A recent publication discussed the importance of proper cattle nutrition throughout all phases of gestation and the impact that nutrition can have beyond conception rates. In another study, during which early-gestation cows were fed either 100% or 55% of their nutrient requirements, no differences were observed in the calves’ bodyweight and gains, but the lung and trachea weights of calves born to nutrient-restricted dams were lower, and those smaller weights could impact how these calves react to respiratory challenges in the future.
Nutrient restrictions mid-gestation have also been shown to impact ovary and luteal tissue size and mass, which can directly affect the heifer’s reproductive efficiency later in life. The nutritional status of the cow during late gestation (e.g., six to nine months into gestation) has also been shown to impact the calf’s muscle fiber formation, which can impact its birthweight, weaning weight and even its carcass weight at harvest.
The reproductive performance of breeding cattle is highly dependent on their nutritional status. Trace minerals are involved in the synthesis of reproductive hormones, the reduction of free radicals and the improvement of the uterine microenvironment for embryonic implantation, as well as fetal growth and development. Considering that, for the most part, reproductive organs develop during early gestation, it is clear how the dam’s nutritional and trace mineral status can impact fetal development and future performance.
Forages can vary in terms of their trace mineral concentration. As such, supplemental copper, zinc, manganese and selenium are needed to optimize the cattle herd’s trace mineral status, as meeting their trace mineral requirements is fundamental for achieving optimal immunity, health, reproductive efficiency and growth.
Knowing this, supplemental trace minerals are provided to bridge the gap between the amount available through the forages and the cow’s nutritional requirements. However, the form in which those trace minerals are provided — either inorganic or organic — can impact how the herd will respond to the trace mineral program.
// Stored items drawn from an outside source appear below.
(* Let $(X,d)$ be a metric space, $v,x\in X$, and $0<\varepsilon\le\frac13$. Suppose $P$ is a path $v=p_0,p_1,\ldots,p_l=x$ of points of $X$ such that $d(v,p_i)\le \varepsilon\, d(v,p_{i+1})$ for all $1\le i\le l-1$. Then $d_P(v,x)\le (1+3\varepsilon)\,d(v,x)$.
   Context: $d_P(v,x)$ denotes the length of the path $P$, i.e. $\sum_{i=1}^{l} d(p_{i-1},p_i)$. *)

From Stdlib Require Import Reals.
Open Scope R_scope.

Record MetricSpace := {
  carrier :> Type;
  mdist : carrier -> carrier -> R;
  mdist_nonneg : forall x y, 0 <= mdist x y;
  mdist_eq0 : forall x y, mdist x y = 0 <-> x = y;
  mdist_sym : forall x y, mdist x y = mdist y x;
  mdist_tri : forall x y z, mdist x z <= mdist x y + mdist y z
}.

Fixpoint path_length (X : MetricSpace) (p : nat -> X) (l : nat) : R :=
  match l with
  | O => 0
  | S k => path_length X p k + mdist X (p k) (p (S k))
  end.

From Stdlib Require Import Reals Lra Lia Psatz.
Open Scope R_scope.

(* Induction on the length of the path, with the invariant
   [d_P(p_0, p_k) <= (1 + 3 eps) d(v, p_k)]: the triangle inequality through [v]
   bounds the new edge by [d(v, p_k) + d(v, p_{k+1})], and the hypothesis
   [d(v, p_k) <= eps d(v, p_{k+1})] turns the whole sum into
   [(1 + (2 + 3 eps) eps) d(v, p_{k+1})], which is small enough exactly when
   [eps <= 1/3]. *)

Lemma mdist_refl (X : MetricSpace) (a : X) : mdist X a a = 0.
Proof. now apply mdist_eq0. Qed.

Section RadialPath.

Variables (X : MetricSpace) (v : X) (eps : R).
Hypothesis heps1 : eps <= 1/3.

Lemma path_length_radial_step (L : R) (a b : X) :
  L <= (1 + 3 * eps) * mdist X v a ->
  mdist X v a <= eps * mdist X v b ->
  L + mdist X a b <= (1 + 3 * eps) * mdist X v b.
Proof.
  intros HL Hab.
  pose proof (mdist_tri X a v b) as Htri.
  rewrite (mdist_sym X a v) in Htri.
  pose proof (mdist_nonneg X v a).
  pose proof (mdist_nonneg X v b).
  nra.
Qed.

Lemma path_length_radial (p : nat -> X) (k : nat) :
  p 0%nat = v ->
  (forall i : nat, (i < k)%nat -> mdist X v (p i) <= eps * mdist X v (p (S i))) ->
  path_length X p k <= (1 + 3 * eps) * mdist X v (p k).
Proof.
  intros hp0 hstep.
  induction k as [|k IH]; simpl.
  - rewrite hp0, mdist_refl. lra.
  - apply path_length_radial_step.
    + apply IH. intros i Hi. apply hstep. lia.
    + apply hstep. lia.
Qed.

End RadialPath.

Theorem lemma9 (X : MetricSpace) (v x : X) (eps : R)
  (heps0 : 0 < eps) (heps1 : eps <= 1/3)
  (p : nat -> X) (l : nat)
  (hp0 : p 0%nat = v) (hpl : p l = x)
  (hcond : forall i : nat, (1 <= i)%nat -> (i <= l - 1)%nat ->
             mdist X v (p i) <= eps * mdist X v (p (S i))) :
  path_length X p l <= (1 + 3 * eps) * mdist X v x.
Proof.
  rewrite <- hpl.
  apply path_length_radial; [exact heps1 | exact hp0 |].
  intros [|i] Hi.
  - rewrite hp0, mdist_refl.
    pose proof (mdist_nonneg X v (p 1%nat)). nra.
  - apply hcond; lia.
Qed.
Inorganic trace minerals — including sulfates, oxides, chlorides and hydroxies — are typically inexpensive byproducts of other industrial processes and are often fed in excess to avoid deficiencies. However, due to the lower relative bioavailability of inorganic trace minerals, animals do not necessarily benefit from over-supplementation. Additionally, these high levels of inorganic trace minerals are often associated with mineral-to-mineral antagonisms, a higher degree of vitamin degradation and higher levels of excretion into the environment.
Organic trace minerals, such as Bioplex® and Sel-Plex®, are closer to the form in which trace minerals are found in nature. As a result, organic trace minerals offer better absorption and utilization, which translates to a higher bioavailability and fewer dietary interactions — meaning that minerals offered in an organic form can typically be supplemented at lower levels.
The advantages of supplementing with organic trace minerals have been well-documented and include improved ovarian activity, increased conception rates and getting cattle bred back sooner.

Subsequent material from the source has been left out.